Jul 25, 2014
So I heard back. I am beside myself. My surgery is booked October 3rd. They cannot get me in any sooner due to the high number of surgeries that had to be rescheduled twice due to my surgeon's absence and the fact that she is performing no surgeries in September. I see her in person on August 8th to try to devise a better treatment plan- an adjustment in hormones...A pain plan.
I am devastated for several reasons-
1. I have been in acute pain going on 10 weeks now. My symptoms began in October of last year. I know it isn't productive but I am pissed at myself that I waited until February to admit I needed help.

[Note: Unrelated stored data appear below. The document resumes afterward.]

Lemma ball_finite x n : exists L, forall y, dist x y <= n -> List.In y L.
Proof.
elim: n => [|n [L HL]].
  by exists [:: x] => y; rewrite leqn0 => /eqP /dist_eq0 ->; left.
have [Es HEs] := edges_at_finite L.
exists (L ++ List.map snd Es) => y Hy; apply: List.in_or_app.
case: (ltnP n (dist x y)) => Hn; last by left; apply: HL.
have [z Hyz Dz] : exists2 z, adj y z & dist z x = n by apply: dist_stepS; rewrite distC; lia.
right; apply: (List.in_map snd _ (z, y)); apply: HEs; last exact: adj_sym.
by apply: HL; rewrite distC Dz.
Qed.

End LocallyFinite.

Lemma map_edge_iterD (f : V -> V) n m e :
  map_edge (iter (n + m) f) e = map_edge (iter n f) (map_edge (iter m f) e).
Proof. by rewrite /map_edge !iterD. Qed.

Section Quasiline.
Variables (phi psi : V -> V) (s : list V) (Es : list (V * V)).
Hypothesis phi_sym : symmetry phi phi psi.
Hypothesis cocompact : forall y, Y y ->
  exists v n, List.In v s /\ (iter n phi v = y \/ iter n phi y = v).
Hypothesis Es_spec : forall v w, List.In v s -> adj v w -> List.In (v, w) Es.
Hypothesis free : forall k c, iter k phi c = c -> forall x, iter k phi x = x.
Hypothesis adj_finite : locally_finite adj.

Local Notation symmetry := (symmetry phi).

Lemma iter_phi_sym n : symmetry (iter n phi) (iter n psi).
Proof. exact: symmetry_iter phi_sym. Qed.

Lemma iter_psi_sym n : symmetry (iter n psi) (iter n phi).
Proof. exact/symmetry_inv/iter_phi_sym. Qed.

Definition periodic e := exists2 k, 0 < k & same_hyp adj Y e (map_edge (iter k phi) e).

Lemma periodic_map g h e : symmetry g h -> periodic (map_edge g e) <-> periodic e.
Proof.
move=> Hg; split=> -[k k0 Hk]; exists k => //.
  by move: Hk; rewrite -(map_edge_sym_iter _ _ Hg) (same_hyp_map _ _ Hg).
by rewrite -(map_edge_sym_iter _ _ Hg) (same_hyp_map _ _ Hg).
Qed.

Lemma periodic_psi e k : 0 < k ->
  same_hyp adj Y e (map_edge (iter k psi) e) -> periodic e.
Proof.
move=> k0 Hk; exists k => //; apply: same_hyp_sym.
by rewrite -(same_hyp_map _ _ (iter_phi_sym k)) (map_edgeK (iter_psi_sym k)) in Hk.
Qed.

Lemma same_hyp_iter_mul e k : same_hyp adj Y e (map_edge (iter k phi) e) ->
  forall q, same_hyp adj Y e (map_edge (iter (q * k) phi) e).
Proof.
move=> Hk; elim=> [|q IH]; first by case: e {Hk} => a b; apply: rst_refl.
rewrite mulSn map_edge_iterD; apply: same_hyp_trans Hk _.
exact/(same_hyp_map _ _ (iter_phi_sym k)).
Qed.

(* By freeness, a power of phi with a fixed point is the identity, which fixes
   every hyperplane. *)
Lemma aperiodic_orbit_inj e x n m : ~ periodic e -> iter n phi x = iter m phi x -> n = m.
Proof.
move=> aper.
have lt_contra a b : a < b -> iter a phi x = iter b phi x -> False.
  move=> ab E; apply: aper; exists (b - a); first by rewrite subn_gt0.
  have Ex : iter (b - a) phi x = x.
    apply: (can_inj (symK (iter_phi_sym a))).
    by rewrite -iterD subnKC ?E //; apply: ltnW.
  by case: e => e1 e2; rewrite /map_edge /= !(free Ex); apply: rst_refl.
by case: (ltngtP n m) => // [nm|mn] E; [case: (lt_contra n m) | case: (lt_contra m n)].
Qed.

Lemma carrier_at_s e v : carrier adj Y e v -> List.In v s ->
  exists2 f, List.In f Es & same_hyp adj Y e f.
Proof.
case=> -[a b] [Eab Sab [/= ->|/= ->]] Hv.
  by exists (a, b) => //; apply: Es_spec => //; case: Eab.
exists (b, a); first by apply: Es_spec => //; case: Eab => _ _ /adj_sym.
exact: same_hyp_trans Sab (same_hyp_swap Eab).
Qed.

2. I have to go back to teaching full time in September,and as I can barely get out of bed, I am not sure how this is possible.
3. I haven't been able to exercise, do daily household chores, or make love to my boyfriend for nearly 6 months. Now it is going to be another 3-4 months AT LEAST before I can do these things.
4. This means I will be on pain meds for over 7 months on a daily basis. This scares me maybe more than anything...I did not want this to happen. It is going to be a whole other thing getting off them by then due to the tolerance that is already growing.
This is awful. I am trying to be positive because at least now I have a date. But this means another 9 weeks of suffering. At least.
And of the disease growing. What if the damage is irreparable by then?
My hands are tied. I am in shock. I really, really thought that they would be able to do something given my history. But they made it clear- they have many, many women in my same position that have been waiting longer and have had surgeries cancelled on them twice.
Damn the Canadian health care system that does not recognize this disease as the life destroying misery it is and grant more funding so that the over 100,000 women in this country that suffer from it can get the help that they need.
I am so angry, I need to do something....But I don't know what to do. I don't know what to do.